The present invention concerns apparatus for making timing adjustments to sampled data signals which have been resampled, in particular, to apparatus for implementing subcarrier-to-horizontal (SCH) and video-to-horizontal timing adjustments in a digital video signal resampling system.
An international standard (known as SMPTE 125M) is currently being developed under the auspices of the Society of Motion Picture and Television Engineers (SMPTE). This standard for representing component video signals is derived from the CCIR601 standard developed by the International Consultative Committee for Radio-communications (CCIR). Under these standards, video information is represented by luminance (Y) and chrominance (C) components. The luminance signal which represents image brightness has a sample rate of 13.5 MHz, while the chrominance component consists of two interleaved color-difference signals, CR and CB, each of which have a sampling rate of 6.75 MHz. Under the 125M standard, samples of the luminance signal are multiplexed with samples of the two color-difference signals to form a sequence Y, CR, Y, CB, Y, CR . . . . This multiplexed signal has a sampling rate of 27 MHz.
The SMPTE 244M signal standard for North America is a digitized version of the NTSC video signal standard. This signal has a sample rate of 14.31818 (hereinafter 14.3) MHz and represents a base band composite video signal having a luminance signal component and two color-difference signal components which modulate respective quadrature-phase related subcarrier signals.
A system which converts 125M signals to 244M signals is described in U.S. Pat. No. 5,057,911 entitled, SYSTEM AND METHOD FOR CONVERSION OF DIGITAL VIDEO SIGNALS, which is hereby incorporated by reference for its teachings on video signal conversion. The system described in this patent uses a single interpolation filter to resample the luminance and chrominance components signals, to modulate the chrominance subcarrier signal by the chrominance signals and to combine the modulated chrominance signal with the luminance signal to generate the 244M composite video signal.
The first step in this conversion process is to demultiplex the 125M signal to generate separate Y and C component signals, where the C signal consists of interleaved samples of the CR and CB signals.
The demultiplexed Y signal has a sample rate of 13.5 MHz while the composite 224M signal has a sample rate of 14.3 MHz. Thus, for every 33 samples of the 125M Y signal, there are 35 samples of the 244M signal. The 125M C signals have a sampling rate of 6.75 MHz. Thus, for every 33 125M component chrominance sample sets (CR, CB) there are 70 244M composite samples. The system disclosed in the above-referenced patent resamples the component 125M signals to produce the composite 244M signal by using 35 interpolation filters for the signal Y, and 70 interpolation filters for the signal C. The 35 Y interpolation filters define 35 interstitial sample positions in the 125M Y sample interval while the 70 C interpolation filters define 35 interstitial sample positions between successive ones of the CR and CB samples, respectively.
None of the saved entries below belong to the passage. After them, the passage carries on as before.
(* There is an algorithm that, given a \textsc{2-Visits} instance $d_1\le\dots\le d_n$ whose deadlines are pairwise distinct, decides in $O(n)$ time whether a feasible schedule exists; moreover, if one exists, a feasible schedule can be constructed in $O(n)$ time.
   Context: \textsc{2-Visits}: given a non-decreasing sequence of $n$ positive integers (deadlines) $d_1\le \dots\le d_n$, decide whether there exists a schedule of length $2n$ (an assignment of one visit to each position $1,\dots,2n$) containing exactly two visits of each node $i\in[n]$, such that the first visit of $i$ is at position at most $d_i$ and the second visit of $i$ is at most $d_i$ positions after the first visit of $i$. Such a schedule is called feasible. *)

From mathcomp Require Import all_boot.
Set Implicit Arguments. Unset Strict Implicit. Unset Printing Implicit Defensive.

(** * 2-Visits instances and feasible schedules
    Nodes are 0-indexed: node i (0 <= i < n) has deadline [nth 0 d i].
    A schedule is a sequence [s] of length 2n; position j of the paper
    (1-based) is entry [nth _ s (j-1)]. *)

Definition instance (d : seq nat) : Prop :=
  all (fun x => 0 < x) d /\ sorted leq d.

Definition distinct_deadlines (d : seq nat) : Prop := uniq d.

Definition first_visit (s : seq nat) (i : nat) : nat := (index i s).+1.
Definition second_visit (s : seq nat) (i : nat) : nat :=
  first_visit s i + (index i (drop (first_visit s i) s)).+1.
(* Let $G$ be a discrete group, $\mathfrak g$ a finite string of elements of $G$, $\mathcal E$ a finite partition of $G$, and $\ell=|Con(\mathfrak g,\mathcal E)|$. Suppose $(B-A)X=0$ is a normal subsystem of $Eq(\mathfrak g,\mathcal E)$ consisting of $p$ equations (so $A,B$ are $p\times\ell$ $(0,1)$-matrices with rows $A_t,B_t$), and suppose that $\sum_{t=1}^p(B_t-A_t)=(1,1,\dots,1)$, i.e. $\alpha_C=1$ for every configuration $C$, where $(\alpha_C)_{C}=\sum_t(B_t-A_t)$. Then the Tarski number satisfies $\tau(G)\le(\ell-1)(2^p-1)$.
   Context: Configurations: for $\mathfrak g=(g_1,\dots,g_n)$ and a partition $\mathcal E=\{E_1,\dots,E_m\}$ of $G$, a configuration is $C=(c_0,\dots,c_n)\in\{1,\dots,m\}^{n+1}$ such that some $x\in G$ has $x\in E_{c_0}$ and $g_ix\in E_{c_i}$ ($1\le i\le n$); $Con(\mathfrak g,\mathcal E)$ is the set of configurations. The configuration equations $Eq(\mathfrak g,\mathcal E)$: variables $f_C$, equations $\sum_{C:\,c_j=i}f_C=\sum_{C:\,c_k=i}f_C$ for $1\le i\le m$, $0\le j,k\le n$, each written $aX=bX$ with $a,b\in\{0,1\}^\ell$ indicator vectors. A subsystem is a finite list (repetitions allowed, sides may be interchanged) of these equations $A_tX=B_tX$, written $(B-A)X=0$. Normality: with $\sum_t(B_t-A_t)$ strictly positive, $T$ the $p\times p$ lower triangular all-ones matrix, and for a permutation matrix $P$ with rows $P_1,\dots,P_p$, $P^+$ the matrix with rows $P_2,\dots,P_p,P_1$, the system is normal if for some permutation matrix $P$ all entries of $TP(B-A)-P^+A$ are integers $\ge-1$. Tarski number: a complete paradoxical decomposition of $G$ is a partition $\{A_1,\dots,A_r,B_1,\dots,B_s\}$ of $G$ together with $a_i,b_j\in G$ such that $\{a_iA_i\}_{i=1}^r$ and $\{b_jB_j\}_{j=1}^s$ are each partitions of $G$; $\tau(G)$ is the minimum of $r+s$ over all such decompositions ($\infty$ if none exists). *)

From HB Require Import structures.
From mathcomp Require Import all_boot all_order all_algebra all_fingroup.
Set Implicit Arguments. Unset Strict Implicit. Unset Printing Implicit Defensive.
Import GRing.Theory Num.Theory.

Record dgroup := DGroup {
  gcar :> Type;
  gmul : gcar -> gcar -> gcar;
  gone : gcar;
  ginv : gcar -> gcar;
  gmulA : forall x y z, gmul x (gmul y z) = gmul (gmul x y) z;
  gmul1 : forall x, gmul gone x = x;
  gmulV : forall x, gmul (ginv x) x = gone }.

(* A candidate configuration (c_0,...,c_n) with values in {1..m}, encoded
   with 0-based indices: c_0 is C ord0, c_i is C (lift ord0 (i-1)). *)
Definition config (n m : nat) := {ffun 'I_n.+1 -> 'I_m}.

(* g = (g_1..g_n) encoded as g : 'I_n -> G (g (i-1) = g_i);
   the partition E_1..E_m encoded by E : G -> 'I_m (x \in E_{E x}). *)
Definition is_config (G : dgroup) (n m : nat) (g : 'I_n -> G) (E : G -> 'I_m)
    (C : config n m) : Prop :=
  exists x : G, C ord0 = E x /\
    forall i : 'I_n, C (lift ord0 i) = E (gmul (g i) x).

(* cs is a duplicate-free enumeration of exactly the configurations;
   its order fixes the order of the variables f_C (columns). *)
Definition enumerates (T : eqType) (P : T -> Prop) (cs : seq T) : Prop :=
  uniq cs /\ forall C, C \in cs <-> P C.

(* Subsystem of p equations, equation t given by e t = (i, j, k), meaning
   sum_{C : c_j = i} f_C = sum_{C : c_k = i} f_C ; A_t is the left side. *)
Definition lhs_mx (n m p : nat) (cs : seq (config n m))
    (e : 'I_p -> 'I_m * 'I_n.+1 * 'I_n.+1) : 'M[int]_(p, size cs) :=
  \matrix_(t < p, c < size cs)
     (Posz ((tnth (in_tuple cs) c) (e t).1.2 == (e t).1.1 : nat))%R.

Definition rhs_mx (n m p : nat) (cs : seq (config n m))
    (e : 'I_p -> 'I_m * 'I_n.+1 * 'I_n.+1) : 'M[int]_(p, size cs) :=
  \matrix_(t < p, c < size cs)
     (Posz ((tnth (in_tuple cs) c) (e t).2 == (e t).1.1 : nat))%R.

Definition lowtri (p : nat) : 'M[int]_p := \matrix_(i < p, j < p) Posz ((j <= i)%N : nat).

Definition perm_plus (p : nat) (s : 'S_p) : 'M[int]_p :=
  \matrix_(t < p, c < p) (perm_mx s : 'M[int]_p) (ordS t) c.

Definition normal_system (p l : nat) (A B : 'M[int]_(p, l)) : Prop :=
  (forall c : 'I_l, (0 < \sum_(t < p) (B t c - A t c))%R) /\
  exists s : 'S_p, forall (t : 'I_p) (c : 'I_l),
    (-1 <= (lowtri p *m perm_mx s *m (B - A) - perm_plus s *m A) t c)%R.

(* There is a complete paradoxical decomposition with r + s <= N,
   i.e. tau(G) <= N.  lab x = inl i means x \in A_i, inr j means x \in B_j. *)
Definition tarski_le (G : dgroup) (N : nat) : Prop :=
  exists (r s : nat) (lab : G -> 'I_r + 'I_s) (a : 'I_r -> G) (b : 'I_s -> G),
    (forall y : G, exists! i : 'I_r, exists x, lab x = inl i /\ gmul (a i) x = y) /\
    (forall y : G, exists! j : 'I_s, exists x, lab x = inr j /\ gmul (b j) x = y) /\
    (r + s <= N)%N.

From HB Require Import structures.
From mathcomp Require Import all_boot all_order all_algebra all_fingroup.
From mathcomp Require Import zify.
From Stdlib Require Import ClassicalEpsilon.
Import GRing.Theory Num.Theory.
Set Implicit Arguments. Unset Strict Implicit. Unset Printing Implicit Defensive.

(* Put one token on every x of G and process the equations in the order s
   given by normality.  Equation k says that w_k = g_k^-1 g_j maps
   A_k = {x | g_j x in E_i} onto B_k = {x | g_k x in E_i}; processing it moves
   the top token of every point y of A_k to the top of the stack at w_k y.
   Normality says exactly that y still holds a token when this happens, and
   alpha = 1 says that in the end every point holds exactly two tokens.  A
   token that was moved at the steps j_1 < ... < j_r has been translated by
   w_(j_r) ... w_(j_1), one of 2^p words, and the tokens in the first and in
   the second slot give the two halves of a complete paradoxical
   decomposition.  The token in the second slot was not moved at the last
   step, so 2^p + 2^(p-1) pieces suffice; this is at most (l-1)(2^p-1)
   because l >= 3 and p >= 2: each row of B - A sums to 0 or to at most l - 2,
   while all rows together sum to l. *)

Section GroupFacts.
Variable G : dgroup.
Implicit Types x y z : G.

Lemma gmulVr x : gmul x (ginv x) = gone G.
Proof.
have -> : gmul x (ginv x) = gmul (gmul (ginv (ginv x)) (ginv x)) (gmul x (ginv x)).
  by rewrite gmulV gmul1.
by rewrite -gmulA (gmulA (ginv x) x) gmulV gmul1 gmulV.
Qed.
These filters are applied in a predetermined sequence to convert 66 samples of the 125M signal (66 Y and 33 CR,CB pairs) into 70 samples of the Y and C component signals which are then combined to form the 244M composite signal.
In addition to the 125M and 244M signals, a typical U.S. television studio will have signals from many other sources. At present, these are mainly analog NTSC signals. It is a common practice in producing programming to switch between signal sources during a broadcast. The most common form of switching is between programs and advertisements; however, even within a program, it may be desirable to switch, for example, from a camera source to a computer graphics generator or even to mix computer graphics and live video in a single image.
Due to the tight regulatory requirements for broadcast television signals, it is desirable for signals from various sources to be closely synchronized. Furthermore, color errors can occur if there is a difference in the relative phases of the horizontal sync pulse and the color-burst signal between two video signals which are either switched or mixed. In addition, if signals from two sources are not horizontally aligned so that one signal produces an image with a different center position than the other image, the resulting horizontal shift which occurs when the images are switched is seen as an annoying artifact by the viewer.
With analog signal sources, these adjustments are made by inserting the horizontal synchronization signal into the signal produced by the camera at a desired time relative to the start of the active video portion of the signal. While this same type of adjustment may be made in a digital system, delay adjustments in existing equipment have generally been limited to multiples of a single digital sample.